Assignment — Determine the number of lines in the data that include the word "field", and write only that number.
^^^^
(** From [sin x < x] on the nodes. *)
Lemma sum_inv_sin_node_ge N j : (j < N)%N ->
  INR N / PI * harm j <= \sum_(0 <= k < j) / sin (node N (INR (j - k))).
Proof.
move=> Hj; have HN : (0 < N)%N by lia.
have HN' := INR_gt0 N HN; have Hpi := PI_RGT_0.
rewrite /harm big_distrr [X in _ <= X]big_nat_rev /=.
apply: ler_sum_nat => k /andP [_ Hk]; rewrite add0n.
rewrite (_ : INR (j - (j - k.+1)) = INR k + 1); last first.
  by rewrite !minus_INR ?S_INR; [ring | apply/leP; lia | apply/leP; lia].
have Hk0 := pos_INR k.
have HkN : INR k + 2 <= INR N.
  by rewrite (_ : INR k + 2 = INR k.+2); [apply: le_INR; apply/leP; lia | rewrite !S_INR; ring].
have Hth0 : 0 < node N (INR k + 1) by rewrite /node; apply: Rdiv_lt_0_compat => //; nra.
have Hsin := sin_node_gt0 N (INR k + 1) HN ltac:(lra) ltac:(lra).
apply: Rle_trans (Rinv_le_contravar _ _ Hsin (Rlt_le _ _ (sin_lt_x _ Hth0))).
by apply: Req_le; rewrite /node; field; lra.
Qed.

Lemma diag_psum_sq b j : (j < 2 * b + 1)%N ->
  diag_psum b j ^ 2 =
  (\sum_(0 <= k < j) / sin (node (2 * b + 1) (INR (j - k)))) ^ 2 /
  (INR (2 * b + 1) * energy (2 * b + 1)).
Proof.
move=> Hj; set N := (2 * b + 1)%N.
have HN : (0 < N)%N by rewrite /N addn1.
have HN' := INR_gt0 N HN; have HE := energy_pos N HN.
rewrite /diag_psum (eq_big_nat _ _ (F2 := fun k =>
  (-1) ^ j / (sqrt (INR N) * sqrt (energy N)) * / sin (node N (INR (j - k))))); last first.
  by move=> k /andP [_ Hk]; rewrite diag_psum_term.
rewrite -big_distrr.
have Hsq (a s n e : R) : a * a = 1 -> 0 < n -> 0 < e ->
    (a / (sqrt n * sqrt e) * s) ^ 2 = s ^ 2 / (n * e).
  move=> Ha Hn He; have := sqrt_lt_R0 n Hn; have := sqrt_lt_R0 e He => He1 Hn1.
  rewrite -{2}(sqrt_sqrt n (Rlt_le _ _ Hn)) -{2}(sqrt_sqrt e (Rlt_le _ _ He)).
  by rewrite -[RHS]Rmult_1_l -Ha; field; lra.
exact: Hsq (pow_m1_sq j) HN' HE.
Qed.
^^^^
Task response — 2